(Items from a data source)
====

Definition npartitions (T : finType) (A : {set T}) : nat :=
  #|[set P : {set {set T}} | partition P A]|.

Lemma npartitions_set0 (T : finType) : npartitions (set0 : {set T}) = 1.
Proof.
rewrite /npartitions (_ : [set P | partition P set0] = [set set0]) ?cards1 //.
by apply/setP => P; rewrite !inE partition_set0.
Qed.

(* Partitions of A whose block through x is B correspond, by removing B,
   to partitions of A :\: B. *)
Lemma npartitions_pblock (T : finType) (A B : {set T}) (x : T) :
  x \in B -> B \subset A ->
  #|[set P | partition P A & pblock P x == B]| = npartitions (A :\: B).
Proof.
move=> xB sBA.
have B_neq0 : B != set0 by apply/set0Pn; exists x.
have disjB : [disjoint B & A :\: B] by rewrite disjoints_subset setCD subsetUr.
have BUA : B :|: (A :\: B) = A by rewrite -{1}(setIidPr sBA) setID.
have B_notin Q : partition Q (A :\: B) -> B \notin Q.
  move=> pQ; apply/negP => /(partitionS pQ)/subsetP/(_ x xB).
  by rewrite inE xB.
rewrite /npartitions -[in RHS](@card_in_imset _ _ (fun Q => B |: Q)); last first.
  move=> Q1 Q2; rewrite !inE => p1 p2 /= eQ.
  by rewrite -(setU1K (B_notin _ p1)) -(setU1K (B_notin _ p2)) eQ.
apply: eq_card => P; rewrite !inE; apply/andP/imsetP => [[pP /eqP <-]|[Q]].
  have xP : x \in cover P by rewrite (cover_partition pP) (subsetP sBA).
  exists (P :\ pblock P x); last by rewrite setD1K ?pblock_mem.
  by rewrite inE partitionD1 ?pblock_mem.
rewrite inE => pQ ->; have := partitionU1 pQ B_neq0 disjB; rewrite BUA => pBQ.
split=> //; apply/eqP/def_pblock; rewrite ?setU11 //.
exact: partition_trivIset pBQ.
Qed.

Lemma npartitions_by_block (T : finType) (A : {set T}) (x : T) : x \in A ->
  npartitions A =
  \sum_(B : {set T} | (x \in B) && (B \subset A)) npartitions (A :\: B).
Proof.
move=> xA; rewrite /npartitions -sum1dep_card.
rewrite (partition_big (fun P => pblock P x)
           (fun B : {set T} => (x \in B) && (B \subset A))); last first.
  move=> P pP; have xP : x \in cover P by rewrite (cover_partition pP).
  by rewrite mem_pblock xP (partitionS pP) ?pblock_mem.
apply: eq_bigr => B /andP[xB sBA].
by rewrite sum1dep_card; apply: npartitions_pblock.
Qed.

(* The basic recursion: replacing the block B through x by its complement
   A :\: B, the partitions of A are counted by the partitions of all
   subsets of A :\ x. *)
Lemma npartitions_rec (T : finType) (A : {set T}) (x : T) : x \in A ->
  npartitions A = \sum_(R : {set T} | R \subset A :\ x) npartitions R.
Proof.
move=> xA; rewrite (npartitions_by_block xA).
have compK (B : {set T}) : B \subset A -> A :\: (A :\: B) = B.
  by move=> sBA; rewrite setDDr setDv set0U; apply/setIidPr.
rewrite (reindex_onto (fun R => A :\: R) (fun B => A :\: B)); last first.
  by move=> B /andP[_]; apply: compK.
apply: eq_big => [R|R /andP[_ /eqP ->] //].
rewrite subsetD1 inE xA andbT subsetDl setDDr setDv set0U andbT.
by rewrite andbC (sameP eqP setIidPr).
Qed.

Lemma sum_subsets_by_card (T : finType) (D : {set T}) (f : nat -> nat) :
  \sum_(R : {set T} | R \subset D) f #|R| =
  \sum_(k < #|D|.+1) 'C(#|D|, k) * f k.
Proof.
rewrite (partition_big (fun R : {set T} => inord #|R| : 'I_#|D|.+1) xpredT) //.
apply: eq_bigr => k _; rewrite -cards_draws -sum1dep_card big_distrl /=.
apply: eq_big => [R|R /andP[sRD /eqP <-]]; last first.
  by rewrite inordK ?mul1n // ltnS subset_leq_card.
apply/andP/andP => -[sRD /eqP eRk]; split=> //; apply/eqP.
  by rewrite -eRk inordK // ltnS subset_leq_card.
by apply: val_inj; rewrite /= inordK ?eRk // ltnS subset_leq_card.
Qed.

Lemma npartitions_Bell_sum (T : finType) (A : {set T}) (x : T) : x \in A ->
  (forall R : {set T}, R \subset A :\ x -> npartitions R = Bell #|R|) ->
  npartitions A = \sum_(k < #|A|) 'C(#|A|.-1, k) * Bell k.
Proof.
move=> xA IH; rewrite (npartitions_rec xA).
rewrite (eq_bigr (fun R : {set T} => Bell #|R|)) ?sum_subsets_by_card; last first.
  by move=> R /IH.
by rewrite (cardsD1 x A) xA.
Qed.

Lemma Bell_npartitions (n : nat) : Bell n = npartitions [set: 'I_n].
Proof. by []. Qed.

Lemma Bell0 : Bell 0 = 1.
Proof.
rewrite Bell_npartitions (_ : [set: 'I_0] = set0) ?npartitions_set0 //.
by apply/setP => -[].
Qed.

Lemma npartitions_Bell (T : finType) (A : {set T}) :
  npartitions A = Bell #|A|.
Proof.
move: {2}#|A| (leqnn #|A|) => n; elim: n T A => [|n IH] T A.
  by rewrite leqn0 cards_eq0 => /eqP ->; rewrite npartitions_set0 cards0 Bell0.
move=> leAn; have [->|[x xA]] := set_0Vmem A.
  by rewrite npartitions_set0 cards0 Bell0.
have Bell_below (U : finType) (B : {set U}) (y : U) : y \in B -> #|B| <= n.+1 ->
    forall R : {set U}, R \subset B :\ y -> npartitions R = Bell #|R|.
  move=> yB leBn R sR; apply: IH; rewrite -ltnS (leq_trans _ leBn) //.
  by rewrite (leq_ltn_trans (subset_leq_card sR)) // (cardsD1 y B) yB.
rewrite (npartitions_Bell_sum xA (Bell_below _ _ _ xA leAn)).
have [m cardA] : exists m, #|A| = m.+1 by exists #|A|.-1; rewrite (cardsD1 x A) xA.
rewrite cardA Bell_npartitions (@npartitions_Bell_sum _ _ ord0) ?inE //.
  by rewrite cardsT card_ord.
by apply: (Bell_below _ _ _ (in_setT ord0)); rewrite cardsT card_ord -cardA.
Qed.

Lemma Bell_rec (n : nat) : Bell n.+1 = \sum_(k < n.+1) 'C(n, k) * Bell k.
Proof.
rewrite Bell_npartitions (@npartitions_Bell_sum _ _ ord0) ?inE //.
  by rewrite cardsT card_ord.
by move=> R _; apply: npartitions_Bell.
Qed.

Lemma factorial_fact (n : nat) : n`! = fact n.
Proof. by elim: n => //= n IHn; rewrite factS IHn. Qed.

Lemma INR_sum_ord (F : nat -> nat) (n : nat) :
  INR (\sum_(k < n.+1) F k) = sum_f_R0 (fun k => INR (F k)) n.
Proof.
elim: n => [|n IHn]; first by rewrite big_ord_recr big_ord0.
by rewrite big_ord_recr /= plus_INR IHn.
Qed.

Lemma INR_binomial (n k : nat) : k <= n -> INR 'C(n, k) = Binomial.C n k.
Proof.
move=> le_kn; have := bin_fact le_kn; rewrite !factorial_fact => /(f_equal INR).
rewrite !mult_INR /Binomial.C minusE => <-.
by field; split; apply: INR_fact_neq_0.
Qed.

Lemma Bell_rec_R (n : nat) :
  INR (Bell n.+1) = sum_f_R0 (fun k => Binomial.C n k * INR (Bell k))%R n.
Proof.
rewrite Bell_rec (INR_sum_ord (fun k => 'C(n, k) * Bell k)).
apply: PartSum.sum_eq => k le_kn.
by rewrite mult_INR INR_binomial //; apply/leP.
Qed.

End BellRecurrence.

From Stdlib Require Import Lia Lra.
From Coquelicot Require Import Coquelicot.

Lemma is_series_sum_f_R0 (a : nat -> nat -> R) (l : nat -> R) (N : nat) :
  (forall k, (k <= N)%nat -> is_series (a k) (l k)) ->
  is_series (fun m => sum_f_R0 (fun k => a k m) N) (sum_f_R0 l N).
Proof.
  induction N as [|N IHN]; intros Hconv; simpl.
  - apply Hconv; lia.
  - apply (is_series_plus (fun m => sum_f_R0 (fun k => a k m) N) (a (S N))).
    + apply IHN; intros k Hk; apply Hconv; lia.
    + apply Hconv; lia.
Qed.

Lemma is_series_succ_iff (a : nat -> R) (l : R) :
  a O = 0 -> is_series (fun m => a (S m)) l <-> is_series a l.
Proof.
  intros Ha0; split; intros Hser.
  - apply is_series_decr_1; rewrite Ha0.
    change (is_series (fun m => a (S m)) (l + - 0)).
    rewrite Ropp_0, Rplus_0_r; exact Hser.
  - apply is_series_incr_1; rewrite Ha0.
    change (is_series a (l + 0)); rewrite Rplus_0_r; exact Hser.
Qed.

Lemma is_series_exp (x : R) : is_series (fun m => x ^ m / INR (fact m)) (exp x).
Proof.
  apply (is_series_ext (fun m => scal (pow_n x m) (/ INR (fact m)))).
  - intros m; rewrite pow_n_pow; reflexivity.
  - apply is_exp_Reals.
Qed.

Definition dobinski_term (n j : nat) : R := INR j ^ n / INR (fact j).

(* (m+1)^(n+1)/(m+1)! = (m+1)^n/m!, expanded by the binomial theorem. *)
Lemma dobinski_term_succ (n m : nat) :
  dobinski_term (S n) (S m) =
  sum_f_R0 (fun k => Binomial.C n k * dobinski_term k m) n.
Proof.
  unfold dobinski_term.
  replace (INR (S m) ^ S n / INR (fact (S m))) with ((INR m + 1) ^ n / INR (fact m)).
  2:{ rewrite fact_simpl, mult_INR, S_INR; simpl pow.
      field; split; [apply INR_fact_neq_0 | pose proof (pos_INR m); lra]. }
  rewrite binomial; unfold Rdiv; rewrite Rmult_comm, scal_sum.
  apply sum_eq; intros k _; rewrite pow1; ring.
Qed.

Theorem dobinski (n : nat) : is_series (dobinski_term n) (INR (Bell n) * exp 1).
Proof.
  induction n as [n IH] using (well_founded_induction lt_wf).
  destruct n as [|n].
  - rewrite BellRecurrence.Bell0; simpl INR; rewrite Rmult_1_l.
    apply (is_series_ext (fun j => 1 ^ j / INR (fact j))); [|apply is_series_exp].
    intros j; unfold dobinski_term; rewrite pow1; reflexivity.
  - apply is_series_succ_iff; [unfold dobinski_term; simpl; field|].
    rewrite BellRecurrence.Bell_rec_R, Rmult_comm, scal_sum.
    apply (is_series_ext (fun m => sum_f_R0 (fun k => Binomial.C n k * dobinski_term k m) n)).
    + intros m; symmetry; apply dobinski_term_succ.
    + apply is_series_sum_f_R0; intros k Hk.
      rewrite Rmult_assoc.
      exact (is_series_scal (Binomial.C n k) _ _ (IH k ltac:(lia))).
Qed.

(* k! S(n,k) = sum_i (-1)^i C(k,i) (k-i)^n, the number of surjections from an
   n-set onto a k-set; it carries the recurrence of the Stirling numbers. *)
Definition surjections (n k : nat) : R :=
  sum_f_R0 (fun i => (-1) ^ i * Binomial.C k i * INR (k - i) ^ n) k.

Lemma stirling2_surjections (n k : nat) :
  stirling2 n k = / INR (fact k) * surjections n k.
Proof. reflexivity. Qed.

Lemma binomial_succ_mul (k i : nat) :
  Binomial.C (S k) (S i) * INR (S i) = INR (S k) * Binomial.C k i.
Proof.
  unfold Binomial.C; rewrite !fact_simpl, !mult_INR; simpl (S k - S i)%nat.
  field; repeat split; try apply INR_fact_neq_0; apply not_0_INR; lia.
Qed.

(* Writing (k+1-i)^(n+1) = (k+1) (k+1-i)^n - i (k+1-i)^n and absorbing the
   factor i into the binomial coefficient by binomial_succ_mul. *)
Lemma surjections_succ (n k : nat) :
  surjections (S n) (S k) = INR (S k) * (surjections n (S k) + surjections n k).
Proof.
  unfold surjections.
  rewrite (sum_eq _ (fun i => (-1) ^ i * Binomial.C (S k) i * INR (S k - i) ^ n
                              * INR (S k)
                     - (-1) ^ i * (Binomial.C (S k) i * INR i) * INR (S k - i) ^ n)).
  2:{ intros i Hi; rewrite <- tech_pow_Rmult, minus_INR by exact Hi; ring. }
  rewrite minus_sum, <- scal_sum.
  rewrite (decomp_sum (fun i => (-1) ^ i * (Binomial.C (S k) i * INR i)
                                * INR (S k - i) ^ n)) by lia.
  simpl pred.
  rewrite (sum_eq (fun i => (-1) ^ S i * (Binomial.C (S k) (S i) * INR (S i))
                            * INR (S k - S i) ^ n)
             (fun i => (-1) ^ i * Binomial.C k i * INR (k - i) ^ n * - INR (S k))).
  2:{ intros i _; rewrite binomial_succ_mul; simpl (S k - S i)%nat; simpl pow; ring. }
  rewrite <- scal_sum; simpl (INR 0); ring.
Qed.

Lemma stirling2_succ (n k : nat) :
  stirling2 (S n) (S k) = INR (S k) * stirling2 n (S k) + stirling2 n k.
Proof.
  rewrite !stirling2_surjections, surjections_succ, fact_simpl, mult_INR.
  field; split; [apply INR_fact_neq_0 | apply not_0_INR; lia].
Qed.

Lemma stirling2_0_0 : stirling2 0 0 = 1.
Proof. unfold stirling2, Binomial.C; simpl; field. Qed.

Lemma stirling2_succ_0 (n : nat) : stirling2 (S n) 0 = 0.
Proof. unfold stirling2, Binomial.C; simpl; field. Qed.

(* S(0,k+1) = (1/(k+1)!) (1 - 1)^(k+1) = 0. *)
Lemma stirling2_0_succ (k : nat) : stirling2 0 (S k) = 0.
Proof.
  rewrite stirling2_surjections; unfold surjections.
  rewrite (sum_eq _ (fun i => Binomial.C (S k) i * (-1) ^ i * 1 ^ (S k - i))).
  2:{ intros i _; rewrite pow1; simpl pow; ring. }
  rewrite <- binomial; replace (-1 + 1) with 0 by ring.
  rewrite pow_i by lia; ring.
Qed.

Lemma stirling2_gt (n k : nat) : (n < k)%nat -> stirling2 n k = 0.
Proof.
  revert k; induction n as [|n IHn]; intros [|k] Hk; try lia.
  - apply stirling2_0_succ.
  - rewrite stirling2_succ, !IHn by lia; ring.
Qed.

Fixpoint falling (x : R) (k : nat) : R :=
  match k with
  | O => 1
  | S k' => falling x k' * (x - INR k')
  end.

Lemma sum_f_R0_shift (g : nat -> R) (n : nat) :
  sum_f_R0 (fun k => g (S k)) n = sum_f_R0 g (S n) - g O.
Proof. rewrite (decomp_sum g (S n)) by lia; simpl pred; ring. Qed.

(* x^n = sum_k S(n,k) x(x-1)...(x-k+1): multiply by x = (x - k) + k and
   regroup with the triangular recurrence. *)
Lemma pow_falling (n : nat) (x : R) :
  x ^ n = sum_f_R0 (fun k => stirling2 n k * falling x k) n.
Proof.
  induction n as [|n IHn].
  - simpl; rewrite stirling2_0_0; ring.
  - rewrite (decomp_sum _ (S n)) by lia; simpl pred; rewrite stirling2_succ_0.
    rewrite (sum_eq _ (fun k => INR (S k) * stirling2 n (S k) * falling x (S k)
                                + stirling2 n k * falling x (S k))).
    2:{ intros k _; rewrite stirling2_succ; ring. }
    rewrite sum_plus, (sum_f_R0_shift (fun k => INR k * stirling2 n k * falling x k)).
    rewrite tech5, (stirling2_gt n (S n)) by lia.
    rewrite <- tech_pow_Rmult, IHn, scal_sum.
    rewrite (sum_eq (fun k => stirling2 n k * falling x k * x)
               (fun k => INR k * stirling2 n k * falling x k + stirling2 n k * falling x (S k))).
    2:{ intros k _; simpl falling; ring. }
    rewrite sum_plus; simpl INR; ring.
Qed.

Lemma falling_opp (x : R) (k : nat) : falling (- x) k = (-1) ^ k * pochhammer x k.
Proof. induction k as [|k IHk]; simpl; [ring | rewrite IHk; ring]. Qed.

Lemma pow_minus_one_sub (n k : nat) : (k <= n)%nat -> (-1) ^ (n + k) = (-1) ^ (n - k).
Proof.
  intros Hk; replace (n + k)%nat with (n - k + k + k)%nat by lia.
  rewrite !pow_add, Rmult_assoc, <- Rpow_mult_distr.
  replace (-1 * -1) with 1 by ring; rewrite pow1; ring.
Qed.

====

#### What you are asked to do
Please, from the entries above, set down exactly the lines from the one containing "A :\: B, the" through the one containing "Proof. by []. Qed.", and only those.

#### Output below
   A :\: B, the partitions of A are counted by the partitions of all
   subsets of A :\ x. *)
Lemma npartitions_rec (T : finType) (A : {set T}) (x : T) : x \in A ->
  npartitions A = \sum_(R : {set T} | R \subset A :\ x) npartitions R.
Proof.
move=> xA; rewrite (npartitions_by_block xA).
have compK (B : {set T}) : B \subset A -> A :\: (A :\: B) = B.
  by move=> sBA; rewrite setDDr setDv set0U; apply/setIidPr.
rewrite (reindex_onto (fun R => A :\: R) (fun B => A :\: B)); last first.
  by move=> B /andP[_]; apply: compK.
apply: eq_big => [R|R /andP[_ /eqP ->] //].
rewrite subsetD1 inE xA andbT subsetDl setDDr setDv set0U andbT.
by rewrite andbC (sameP eqP setIidPr).
Qed.

Lemma sum_subsets_by_card (T : finType) (D : {set T}) (f : nat -> nat) :
  \sum_(R : {set T} | R \subset D) f #|R| =
  \sum_(k < #|D|.+1) 'C(#|D|, k) * f k.
Proof.
rewrite (partition_big (fun R : {set T} => inord #|R| : 'I_#|D|.+1) xpredT) //.
apply: eq_bigr => k _; rewrite -cards_draws -sum1dep_card big_distrl /=.
apply: eq_big => [R|R /andP[sRD /eqP <-]]; last first.
  by rewrite inordK ?mul1n // ltnS subset_leq_card.
apply/andP/andP => -[sRD /eqP eRk]; split=> //; apply/eqP.
  by rewrite -eRk inordK // ltnS subset_leq_card.
by apply: val_inj; rewrite /= inordK ?eRk // ltnS subset_leq_card.
Qed.

Lemma npartitions_Bell_sum (T : finType) (A : {set T}) (x : T) : x \in A ->
  (forall R : {set T}, R \subset A :\ x -> npartitions R = Bell #|R|) ->
  npartitions A = \sum_(k < #|A|) 'C(#|A|.-1, k) * Bell k.
Proof.
move=> xA IH; rewrite (npartitions_rec xA).
rewrite (eq_bigr (fun R : {set T} => Bell #|R|)) ?sum_subsets_by_card; last first.
  by move=> R /IH.
by rewrite (cardsD1 x A) xA.
Qed.

Lemma Bell_npartitions (n : nat) : Bell n = npartitions [set: 'I_n].
Proof. by []. Qed.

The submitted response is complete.